«Мы всегда говорили, что потепление меняет рыбьи маршруты, — говорит Шон. — Рыбаки отметили факт задолго до этих придурков. Вон, посмотри на сибаса. На него нет никаких квот, просто потому что его полно в Канале».
Макрель, похоже, отправилась на север, к берегам Исландии и Фарерским островам, чем привела в ярость скандинавских и британских рыбаков. Эксперты, просиживающие штаны на суше, говорят, что рыбаки заинтересованы в экологически неустойчивом рыболовстве. «У кого тут законный интерес?» — орут все трое в голос. «Хреновое экологическое движение, Грин-хренов-пис, — говорит Марк. — Это же просто бизнес. Окружающая среда в несколько с хером раз крупнее рыболовства. Говорю тебе, никто из них не стал бы работать за мою получку».
Экономика «Эмулятора» никого не сделает богатым. Если забыть амортизацию, то самые большие расходы — траты на дизель. Сельскохозяйственный дизель стоит 50 пенсов за литр. Двигатели работают весь день и тратят около 4000 литров в неделю. К тому же нужно платить за лед, коробки, страховку, наземный транспорт, да и хозяин лодки забирает половину прибыли. Все, что остается, они делят между собой. В прошлый раз рыбачили неделю и не заработали ничего. Они проводят в море по полгода, а на этой неделе на них висит еще и долг за топливо. Им нужно наловить рыбы на 8000 фунтов, чтобы хоть что-то заработать. Если суммировать часы, это далеко до минимума. Но в море ни одно из правил не действует.

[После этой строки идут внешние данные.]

Lemma nth_fulls w ls p : nth false (fulls w ls) p =
  if p is p'.+1 then (nth nolink ls p').2 && (nth nolink ls p).1 else w && (nth nolink ls 0).1.
Proof.
elim: ls w p => [|l ls IH] w [|p] /=; rewrite ?andbF ?nth_nil //.
by rewrite IH; case: p.
Qed.

Lemma no_two_adjacent_iota (f : nat -> bool) a n :
  no_two_adjacent [seq f j | j <- iota a n] = all (fun j => ~~ (f j && f j.+1)) (iota a n.-1).
Proof. by elim: n a => [|[|n] IH] a //=; rewrite ?andbF // -IH. Qed.

Lemma triple_start_nth ls : triple_start ls =
  [&& (nth nolink ls 0).1, (nth nolink ls 0).2, (nth nolink ls 1).1,
      (nth nolink ls 1).2 & (nth nolink ls 2).1].
Proof. by case: ls => [|l1 [|l2 [|l3 ls]]] /=; rewrite ?andbF. Qed.

Lemma no_quadruple_nth ls :
  (forall k, ~~ [&& (nth nolink ls k).2, (nth nolink ls k.+1).1, (nth nolink ls k.+1).2,
                    (nth nolink ls k.+2).1, (nth nolink ls k.+2).2 & (nth nolink ls k.+3).1]) ->
  no_quadruple ls.
Proof.
elim: ls => [|l ls IH] no_run //=.
by rewrite triple_start_nth (no_run 0%N) IH // => k; apply: (no_run k.+1).
Qed.

(** * One row of a pattern *)

(* Row Vb of length m below the row Vc, columns indexed from 1, decorations Db; up to conversion
   these are the summands of is_arrowed_GT, n_special, n_double, r_stat and no_three_equal. *)
Definition row_ok (m : nat) (Vb Vc : nat -> int) (Db : nat -> deco) : bool :=
  all (fun j =>
    [&& ((2 <= m)%N && (j <= m.-1)%N && (Vb j == Vc j) && (Db j).2)
          ==> ((Vb j.+1 == Vb j) && (Db j.+1).1) &
        ((2 <= m)%N && (2 <= j)%N && (Vb j == Vc j.-1) && (Db j).1)
          ==> ((Vb j.-1 == Vb j) && (Db j.-1).2)]) (iota 1 m).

Сидеть можно только в камбузе. Но здесь так тесно, что не продохнуть. На борту нас пятеро, но одновременно сесть могут лишь четверо, что, в принципе, не проблема, потому что кто-то должен управлять лодкой и высматривать танкеры. В камбузе грязная плитка и маленькая раковина с пластиковой миской, полной подернутой рябью воды. Это единственный кран на всей лодке. Нет душа, а воду не стоит пить, не прокипятив. Они пьют только чай, кофе и колу из супермаркета Tesco. Есть пять кружек, которые никогда не моют, что, может, и к лучшему, судя по виду кухонного полотенца. Мы спим в недрах судна, маленьком темном подземелье на носу. Катакомбы, как у Дейви Джонса
[53]
. Часть судна, отведенная людям, просто мизерная. Остальное отдано пойманной рыбе, добыче, деньгам. Двигатель постоянно грохочет и каркает.
Есть мусорное ведерко, которое опустошают за борт, есть туалет без сидения, но там все равно невозможно сидеть — он втиснут в чулан со сломанным иллюминатором. Меня тошнит даже от мысли о том, что придется там усесться. Подводя итоги, могу сказать, что это самое загаженное место из всех, что я видел со времен студенчества. Работа на судне — будто курс молодого бойца, полный падений, ударов по голове, утерянных пальцев, ожогов от веревки и перемалывающих тебя глыб. Если что, всегда можно просто тихо вывалиться за борт.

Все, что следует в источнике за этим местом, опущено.